A su vez, la fatiga crónica es fruto del esforzado pero inútil intento de identificarse con aquello que el Otro pide. El sujeto queda suspendido de la demanda del Otro, en busca de un reconocimiento que nunca será suficiente, sin lograr autentificarse frente al Otro y sin que un sentido nuevo pueda advenir. Paralizado ante el enigma que el deseo del Otro suscita -¿qué (me) quiere?-, el sujeto se deprime para no angustiarse, cuando no oscila entre la depresión y la angustia sin conseguir romper el círculo infernal.

En la histeria, la depresión responde a la destitución de la identificación imaginaria al falo, mientras que en la neurosis obsesiva la depresión mide la distancia con el acto que ha sido coartado y que habría debido tener lugar. De allí el sentimiento de desazón.

En ambos casos, la renuncia al objeto amoroso juega un importante papel, como es el caso del obsesivo, quien disfraza con el desprecio el verdadero objeto de su pasión.

A su turno, el sujeto aburrido padece de una tristeza que no reconoce como suya.

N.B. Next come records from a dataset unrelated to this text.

Theorem lemma3p1 (e : bool) (f : SV e -> SV e -> SV e)
  (f_lin_l : forall y : SV e, linear (fun x : SV e => f x y))
  (f_lin_r : forall x : SV e, linear (f x))
  (f_bider : biderivation f) :
  exists (phi psi : {linear SV e -> SV e})
         (rho1 rho2 rho3 theta1 theta2 theta3 : {scalar SV e}),
    forall x y : SV e,
      f x y = rho1 x *: D1 y + rho2 x *: D2 y + rho3 x *: D3 y + lie (phi x) y
    /\ f x y = theta1 y *: D1 x + theta2 y *: D2 x + theta3 y *: D3 x
               + lie x (psi y).
Proof.
have [f_der_l f_der_r] := f_bider.
have f_left_basis a : exists (k1 k2 k3 : C) (v : SV e),
    forall y, f << a >> y = k1 *: D1 y + k2 *: D2 y + k3 *: D3 y + lie v y.
  exact: derivation_decomp (f_lin_r _) (f_der_r _).
have f_right_basis b : exists (k1 k2 k3 : C) (v : SV e),
    forall x, f x << b >> = k1 *: D1 x + k2 *: D2 x + k3 *: D3 x + lie x v.
  have f_der_b x y : f (lie x y) << b >> = lie (f x << b >>) y + lie x (f y << b >>).
    by rewrite f_der_l [LHS]addrC.
  have [k1 [k2 [k3 [v fbv]]]] := derivation_decomp (f_lin_l _) f_der_b.
  by exists k1, k2, k3, (- v) => x; rewrite fbv lie_anti lieNr.
have [phi [rho1 [rho2 [rho3 f_left]]]] :=
  basiswise_form (@lie_linear_l e) f_lin_l f_left_basis.
have [psi [theta1 [theta2 [theta3 f_right]]]] :=
  basiswise_form (h := fun v x => lie x v) (@lie_linear_r e) f_lin_r f_right_basis.
exists phi, psi, rho1, rho2, rho3, theta1, theta2, theta3 => x y.
by split; [apply: f_left | apply: f_right].
Qed.
Lemma eta_Nsum_exists k : exists e : nat -> R, forall s, eta011_is (Nsum (s + S k) (S k)) (e s).
Proof.
  destruct (eta_partial_cv (1/2) ltac:(lra) k) as [W HW].
  destruct (eta_exchange (S k) (1/2) W ltac:(lra) HW) as [b [Hb _]].
  exists (fun s => b s / (1/2) ^ s). intros s. apply eta011_is_iff.
  apply (Un_cv_ext (fun L => eta_partial_coeff (S k) L s * (1/2) ^ s * / (1/2) ^ s)).
  - intros. field. apply pow_nonzero. lra.
  - apply CV_mult; [apply Hb | apply Un_cv_const].
Qed.

Lemma Pser_eta k x e W : 0 < x <= 1/2 -> (forall s, eta011_is (Nsum (s + k) k) (e s)) ->
  Un_cv (eta_partial x k) W -> Pser e x W.
Proof.
  intros Hx He HW. destruct (eta_exchange k x W Hx HW) as [b [Hb HbW]].
  eapply infinite_sum_ext; [| exact HbW]. intros s. eapply UL_sequence; [apply Hb|].
  apply CV_mult; [apply eta011_is_iff, He | apply Un_cv_const].
Qed.

Lemma eta_Nsum_nonneg k s e : eta011_is (Nsum (s + k) k) e -> 0 <= e.
Proof.
  intros H. apply eta011_is_iff in H. eapply Rle_cv_lim; [| apply Un_cv_const | exact H].
  intros; apply eta_partial_coeff_nonneg.
Qed.

Lemma div_linear_delta0 n s : n <> 0 -> div_linear n delta0 s = / n ^ S s.
Proof.
  intros Hn. induction s as [|s IH]; cbn [div_linear].
  - unfold delta0. simpl. field. exact Hn.
  - rewrite IH. unfold delta0. simpl. field. split; [now apply pow_nonzero | exact Hn].
Qed.

Lemma Pser_zeta_term x m j : 0 <= x <= 1/2 ->
  Pser (fun t => / INR (S m) ^ (j + 2 + t)) x (invd x (S m) / INR (S m) ^ S j).
Proof.
  intros Hx. assert (1 <= INR (S m)) by (apply (le_INR 1); lia).
  pose proof (Pser_div_linear (INR (S m)) delta0 x 1 ltac:(lra) ltac:(lra)
                (fun s => ltac:(unfold delta0; destruct (Nat.eqb s 0); lra)) (Pser_delta0 x)) as H0.
  apply (Pser_scal (/ INR (S m) ^ S j)) in H0.
  replace (invd x (S m) / INR (S m) ^ S j) with (/ INR (S m) ^ S j * (1 / (INR (S m) - x)))
    by (unfold invd, Rdiv; ring).
  eapply Pser_ext; [| exact H0]. intros t. cbv beta. rewrite div_linear_delta0 by lra.
  replace (j + 2 + t)%nat with (S j + S t)%nat by lia. now rewrite pow_add, Rinv_mult.
Qed.

Lemma zeta_exchange j x Z : 0 < x <= 1/2 ->
  infinite_sum (fun m => invd x (S m) / INR (S m) ^ S j) Z ->
  exists b, (forall t, Un_cv (fun M => sum_f_R0 (fun m => / INR (S m) ^ (j + 2 + t)) M * x ^ t) (b t))
            /\ infinite_sum b Z.
Proof.
  intros Hx HZ.
  apply (series_monotone_limit _ (fun M => sum_f_R0 (fun m => invd x (S m) / INR (S m) ^ S j) M));
    [| | | exact HZ].
  - intros. apply Rmult_le_pos; [| apply pow_le; lra]. apply cond_pos_sum. intros.
    left. apply Rinv_0_lt_compat, pow_lt, lt_0_INR. lia.
  - intros. apply Rmult_le_compat_r; [apply pow_le; lra|]. rewrite tech5.
    assert (0 < / INR (S (S L)) ^ (j + 2 + s))
      by (apply Rinv_0_lt_compat, pow_lt, lt_0_INR; lia).
    lra.
  - intros M. apply (Pser_sum_f_R0 (fun m t => / INR (S m) ^ (j + 2 + t))). intros m.
    apply Pser_zeta_term. lra.
Qed.

Lemma zeta_exists j : exists z : nat -> R, forall t, zeta_is (j + 2 + t) (z t).
Proof.
  destruct (phi_cv (1/2) ltac:(lra) j) as [Z [HZ _]].
  destruct (zeta_exchange j (1/2) Z ltac:(lra) HZ) as [b [Hb _]].
  exists (fun t => b t / (1/2) ^ t). intros t.
  apply (Un_cv_ext (fun M => sum_f_R0 (fun m => / INR (S m) ^ (j + 2 + t)) M * (1/2) ^ t * / (1/2) ^ t)).
  - intros. field. apply pow_nonzero. lra.
  - apply CV_mult; [apply Hb | apply Un_cv_const].
Qed.

Lemma Pser_zeta j x z Z : 0 < x <= 1/2 -> (forall t, zeta_is (j + 2 + t) (z t)) ->
  infinite_sum (fun m => invd x (S m) / INR (S m) ^ S j) Z -> Pser z x Z.
Proof.
  intros Hx Hz HZ. destruct (zeta_exchange j x Z Hx HZ) as [b [Hb HbZ]].
  eapply infinite_sum_ext; [| exact HbZ]. intros t. eapply UL_sequence; [apply Hb|].
  apply CV_mult; [apply Hz | apply Un_cv_const].
Qed.

Lemma zeta_nonneg s z : zeta_is s z -> 0 <= z.
Proof.
  apply infinite_sum_nonneg. intros. left. apply Rinv_0_lt_compat, pow_lt, lt_0_INR. lia.
Qed.

(** * Comparing coefficients *)

Lemma Rabs_le_mult_small y C a :
  0 < a -> (forall x, 0 < x <= a -> Rabs y <= C * x) -> y = 0.
Proof.
  intros Ha H. assert (Hy : Rabs y <= 0).
  { apply (Rle_cv_lim (Un := fun _ => Rabs y) (Vn := fun n => C * (a * / INR (S n))));
      [| apply Un_cv_const |].
    - intros n. apply H. assert (1 <= INR (S n)) by (apply (le_INR 1); lia).
      split; [apply Rmult_lt_0_compat; [lra | apply Rinv_0_lt_compat; lra]|].
      rewrite <- (Rmult_1_r a) at 2. apply Rmult_le_compat_l; [lra|].
      rewrite <- Rinv_1. apply Rinv_le_contravar; lra.
    - replace 0 with (C * (a * 0)) by ring.
      apply CV_mult; [apply Un_cv_const | apply CV_mult; [apply Un_cv_const | exact Un_cv_inv_succ]]. }
  destruct (Req_dec y 0) as [|Hne]; [assumption|]. pose proof (Rabs_pos_lt y Hne). lra.
Qed.

Lemma geom_sum_le2 q N : 0 <= q <= 1/2 -> sum_f_R0 (fun t => q ^ t) N <= 2.
Proof.
  intros Hq. rewrite tech3 by lra. pose proof (pow_le q (S N) ltac:(lra)).
  apply Rmult_le_reg_r with (1 - q); [lra|]. unfold Rdiv. rewrite Rmult_assoc, Rinv_l by lra. lra.
Qed.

El aburrimiento es “el afecto del deseo de Otra cosa”, dice J. Lacan.

Cuando el sujeto se percata de su propio papel en la depresión por la que se queja, cuando puede localizar un goce que remite a la posibilidad de una elección ignorada y percibir en consecuencia la carga narcisista en juego, como señala E. Berenguer, los efectos terapéuticos, resultado de esta rectificación subjetiva, son inmediatos. El “deprimido crónico”, agrega, es por definición alguien que no reconoce la responsabilidad por su deseo y por su goce, al punto de haber olvidado aquello que un día deseó. Recordarlo, en el análisis, puede tener efectos radicales. Es la oportunidad de encontrar una solución que ponga en juego los verdaderos recursos con los que el sujeto cuenta, no los del Ideal.

Por último, el tercer artículo que compone esta imprescindible sección clínica, realiza un complejo recorrido por la psiquiatría y el psicoanálisis para abordar el cuadro clínico de la psicosis maniaco depresiva. Como sostiene F. Sauvagnat, conviene distinguir entre la pérdida del objeto que se consuma en el duelo de la pérdida de la suplencia que da lugar a la melancolía, donde un duelo no termina de efectuarse producto de la traición al objeto de la suplencia, por haber renunciado a él, con el consecuente delirio de indignidad.

Por otra parte, el sufrimiento del duelo responde al hecho de que ignoramos qué objeto hemos perdido en el lugar de aquel que partió. Es el tiempo en que se nos devuelve esa falta que creíamos encarnar para el otro, pensábamos ser aquello que le faltaba y, por el duelo, caemos en la cuenta que frente a la falta que suponíamos hacerle al otro, éramos nosotros quienes estábamos en falta.

Depresiones, en plural, es pues la palabra justa para designar el malestar que nuestra época generaliza.

[1] E. Vaschetto et al (2006): Depresiones y psicoanálisis. Insuficiencia, cobardía moral, fatiga, aburrimiento, dolor de existir. Grama ediciones; Buenos Aires.